January 6: The Magi

The Magi had a dream not to return to King Herod to tell him where the child was, but instead to take a different route home.

On this day of Epiphany, which is also celebrated by some cultures (not my own) as Women's Christmas, I am thinking about the idea of going home by a different road.

When my spouse and I opened our home to people in need and named it Petalouda House, we hoped to help people find healing and hope, to give them a home for a short or long period of time. We also hoped to help them transition to the home they would choose next--the one that would perhaps be more permanent.

It has not always worked that way. Some residents have been removed suddenly against our will and theirs. Some have chosen to leave when we knew they were ready. Some we had to ask to leave before we knew they were ready, because they weren't safe or able to live here. Some have had to go to more restrictive settings, rather than less. Every one of them went "home" by a road different than the one expected.
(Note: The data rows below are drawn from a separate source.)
(* If $\mu$ is an edge probability measure, then \[ 2\sum_{e\in\operatorname{supp}\mu}\mu(e)^2+\beta(\mu;P_3)\le 2, \] with equality if and only if $|\operatorname{supp}\mu|=1$.
   Context: $P_3$ is the path on 3 vertices. An edge probability measure is a probability measure $\mu$ on the edge set $E(K)$ of some finite complete graph $K$; $\operatorname{supp}\mu$ is the set of edges of positive mass. For a subgraph $H'\subseteq K$, $\mu(H')=\prod_{e\in E(H')}\mu(e)$, and $\beta(\mu;H)=\sum_{H'}\mu(H')$, the sum over all subgraphs $H'$ of $K$ isomorphic to $H$. *)

From mathcomp Require Import all_boot all_order all_algebra.
Set Implicit Arguments. Unset Strict Implicit. Unset Printing Implicit Defensive.
Import Order.TTheory GRing.Theory Num.Theory.
Local Open Scope ring_scope.

(* The complete graph K on the finite vertex type T: its edges are the
   2-element subsets of T. *)
Definition edges (T : finType) : {set {set T}} := [set e : {set T} | #|e| == 2%N].

Section EdgeMeasure.
Variables (R : realFieldType) (T : finType).

(* An edge probability measure: mu is nonnegative on E(K) and sums to 1 over
   E(K). Values of mu outside E(K) are irrelevant (never used). *)
Definition edge_prob_measure (mu : {set T} -> R) : Prop :=
  (forall e, e \in edges T -> 0 <= mu e) /\ \sum_(e in edges T) mu e = 1.

Definition supp (mu : {set T} -> R) : {set {set T}} :=
  [set e in edges T | 0 < mu e].

(* Copies of P_3 in K, identified with their edge sets: two distinct edges
   of K sharing a vertex (a subgraph of K isomorphic to P_3 is determined by
   its edge set, as P_3 has no isolated vertices). *)
Definition P3_copies : {set {set {set T}}} :=
  [set S : {set {set T}} | [&& S \subset edges T, #|S| == 2%N &
     [forall e in S, forall f in S, (e != f) ==> (e :&: f != set0)]]].

Definition mu_sub (mu : {set T} -> R) (S : {set {set T}}) : R :=
  \prod_(e in S) mu e.

Definition beta_P3 (mu : {set T} -> R) : R :=
  \sum_(S in P3_copies) mu_sub mu S.
End EdgeMeasure.

From mathcomp Require Import all_boot all_order all_algebra.
From mathcomp Require Import lra.
Set Implicit Arguments. Unset Strict Implicit. Unset Printing Implicit Defensive.
Import Order.TTheory GRing.Theory Num.Theory.
Local Open Scope ring_scope.

(* Write s for the sum of mu(e)^2 and c for the sum of mu(e) mu(f) over ordered
   pairs of distinct edges, so that s + c = (sum of mu)^2 = 1.  A copy of P_3 is
   an unordered pair of distinct edges, hence contributes twice to c: 2 beta <= c.
   Thus 2 s + beta <= 2 - 2 c + c / 2 <= 2, with equality iff c = 0, i.e. iff at
   most one edge has positive mass; since mu sums to 1, exactly one does. *)

Section CrossSum.
Variables (R : realFieldType) (I : finType) (A : {set I}) (x : I -> R).

Definition cross_sum : R := \sum_(p in setX A A | p.1 != p.2) x p.1 * x p.2.

Lemma sqr_sum_cross : (\sum_(i in A) x i) ^+ 2 = \sum_(i in A) x i ^+ 2 + cross_sum.
Proof.
rewrite expr2 mulr_suml.
under eq_bigr => i iA do rewrite mulr_sumr (bigD1 i) //=.
(* [congr] closes the diagonal part: [x i ^+ 2] unfolds to [x i * x i]. *)
rewrite big_split /=; congr (_ + _).
rewrite /cross_sum pair_big_dep /=; apply: eq_bigl => -[i j] /=.
by rewrite in_setX eq_sym andbA.
Qed.

Hypothesis x_ge0 : forall i, i \in A -> 0 <= x i.

Lemma cross_term_ge0 (p : I * I) :
  (p \in setX A A) && (p.1 != p.2) -> 0 <= x p.1 * x p.2.
Proof.
by case: p => i j; rewrite in_setX => /andP[/andP[iA jA] _]; rewrite mulr_ge0 ?x_ge0.
Qed.

Lemma cross_sum_ge0 : 0 <= cross_sum.
Proof. exact: sumr_ge0 cross_term_ge0. Qed.

Lemma sum_pos_part (f : R -> R) : f 0 = 0 ->
  \sum_(i in [set i in A | 0 < x i]) f (x i) = \sum_(i in A) f (x i).
Proof.
move=> f0; rewrite [RHS](bigID (fun i => 0 < x i)) /= [X in _ = _ + X]big1 ?addr0.
  by apply: eq_bigl => i; rewrite inE.
move=> i /andP[iA]; rewrite -leNgt => xi_le0.
suff -> : x i = 0 by [].
by apply/eqP; rewrite eq_le xi_le0 x_ge0.
Qed.

Lemma card_pos_part_eq1 : \sum_(i in A) x i = 1 ->
  #|[set i in A | 0 < x i]| = 1%N <-> cross_sum = 0.
Proof.
move=> sum1; have := sqr_sum_cross; rewrite sum1 expr1n => sqr_sum.
split.
  move=> /eqP/cards1P[a pos_a].
  have := sum_pos_part (f := id) erefl.
  have := sum_pos_part (f := fun t => t ^+ 2) (expr0n _ 2).
  rewrite pos_a !big_set1 sum1 => sq_a xa1.
  by move: sqr_sum; rewrite -sq_a xa1 expr1n; lra.
move=> cross0; apply/eqP; rewrite eqn_leq; apply/andP; split.
  apply/card_le1_eqP => a b; rewrite !inE => /andP[aA a_gt0] /andP[bA b_gt0].
  apply/eqP; apply: contraT => ba.
  have := psumr_eq0P cross_term_ge0 cross0 (i := (b, a)).
  by rewrite in_setX aA bA ba => /(_ isT)/eqP; rewrite mulf_eq0 !gt_eqF.
rewrite card_gt0; apply: contra_eqN sum1 => /eqP pos0.
by rewrite -(sum_pos_part (f := id) erefl) pos0 big_set0 eq_sym oner_eq0.
Qed.

End CrossSum.

Lemma sum_pairs_set2 (R : realFieldType) (I : finType) (A : {set I})
    (F : I * I -> R) (a b : I) :
  a \in A -> b \in A -> a != b ->
  \sum_(p in setX A A | (p.1 != p.2) && ([set p.1; p.2] == [set a; b])) F p
    = F (a, b) + F (b, a).
Proof.
move=> aA bA ab; rewrite (eq_bigl (mem [set (a, b); (b, a)])); last first.
  move=> -[i j] /=; rewrite in_setX !inE.
  apply/idP/idP => [/andP[/andP[iA jA] /andP[ij /eqP ij_ab]] | ].
    move: ij; have := set21 i j; have := set22 i j; rewrite ij_ab.
    by move=> /set2P[]-> /set2P[]->; rewrite ?eqxx ?orbT.
  by case/orP=> /eqP[-> ->]; rewrite aA bA ?eqxx ?ab // eq_sym ab setUC eqxx.
by rewrite big_setU1 ?big_set1 // inE xpair_eqE negb_and ab.
Qed.

Section P3Copies.
Variables (R : realFieldType) (T : finType) (mu : {set T} -> R).
Hypothesis mu_ge0 : forall e, e \in edges T -> 0 <= mu e.

Lemma beta_P3_ge0 : 0 <= beta_P3 mu.
Proof.
apply: sumr_ge0 => S; rewrite inE => /andP[SE _].
by apply: prodr_ge0 => e eS; apply/mu_ge0/(subsetP SE).
Qed.

Lemma beta_P3_le_cross_sum : 2 * beta_P3 mu <= cross_sum (edges T) mu.
Proof.
rewrite /cross_sum (partition_big (fun p => [set p.1; p.2]) predT) //=.
rewrite (bigID (mem (P3_copies T))) /= -[X in X <= _]addr0 /beta_P3 mulr_sumr.
apply: lerD; last first.
  apply/sumr_ge0 => S _; apply/sumr_ge0 => p /andP[+ _].
  exact: (cross_term_ge0 mu_ge0).
apply: ler_sum => S; rewrite inE => /and3P[SE /cards2P[a [b [ab S_ab]]] _].
move: SE; rewrite {}S_ab => SE.
have aE : a \in edges T by apply: (subsetP SE); rewrite set21.
have bE : b \in edges T by apply: (subsetP SE); rewrite set22.
rewrite (eq_bigl _ _ (fun p => esym (andbA _ _ _))) sum_pairs_set2 //=.
by rewrite /mu_sub big_setU1 ?big_set1 ?inE //= (mulrC (mu b)) mulr_natl mulr2n.
Qed.

End P3Copies.

Theorem proposition4p1 (R : realFieldType) (T : finType) (mu : {set T} -> R) :
  edge_prob_measure mu ->
  2 * (\sum_(e in supp mu) mu e ^+ 2) + beta_P3 mu <= 2 /\
  (2 * (\sum_(e in supp mu) mu e ^+ 2) + beta_P3 mu = 2 <-> #|supp mu| = 1%N).
Proof.
case=> mu_ge0 mu_sum1.
have sqr_supp := sum_pos_part (f := fun t => t ^+ 2) mu_ge0 (expr0n _ 2).
have := sqr_sum_cross (edges T) mu; rewrite mu_sum1 expr1n => sqr_sum.
have cross_ge0 := cross_sum_ge0 mu_ge0.
have beta_ge0 := beta_P3_ge0 mu_ge0.
have beta_le := beta_P3_le_cross_sum mu_ge0.
rewrite sqr_supp (card_pos_part_eq1 mu_ge0 mu_sum1).
by split; [lra | split=> ?; lra].
Qed.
When I look back at my own life, I am in awe at how nothing and everything makes sense. I can pinpoint critical moments--finding the deep spiritual place I could get to when reading and writing poetry, beginning to make sense of my family history through writing poems, coming out, going to grad school to become a poet and discovering how much I loved community-based work, developing a place for myself at the university where I work now, a place I'd planned to stay a maximum of two years 17 years ago. I can see how that community work has evolved, and how so much of it relates back to my own life story (immigrant rights, violence prevention, listening to the stories of elders, for instance). I can see how my own life, my family's story, and the people I got to meet through community work led me to adopt my daughter and eventually led me to a partner who shares my passion for helping others heal. I can see how everything fits together, how each thread is a part of a messy-in-the-back, beautiful-in-the-front tapestry.

But of course in the midst of the daily struggles and difficult decisions, there was no tapestry, just a thread dangling, threatening to unravel the pattern. I am in a place like that now, making difficult decisions about the level of care my daughter really needs as she experiences a mental health crisis. I can't see the tapestry now, but I am old enough to know that this is another thread I am weaving in, that I am going to learn something new about wholeness and beauty even from this difficult, dangling place.

Back to the Magi--it must not have been convenient (at best) and scary (at worst) to defy Herod and go home another way. But on their way back, the Magi were carrying with them the memory of that baby born in a strange place. They were changed by the encounter, and they understood the story in a new way--which is to say, they stopped trying to understand it and instead opened themselves to the awe of what was happening, to stars and strange dreams and new directions.

Our Greek Christmas hymn includes the line, "Those who worshipped the stars learned to worship you through the stars," and in a way, that's how it works for all of us--we find our signs in our ordinary lives, and those signs lead us to where we're supposed to go next, if we're paying attention. But we won't see the tapestry all at once, so we have to move thread by thread, trusting in the path.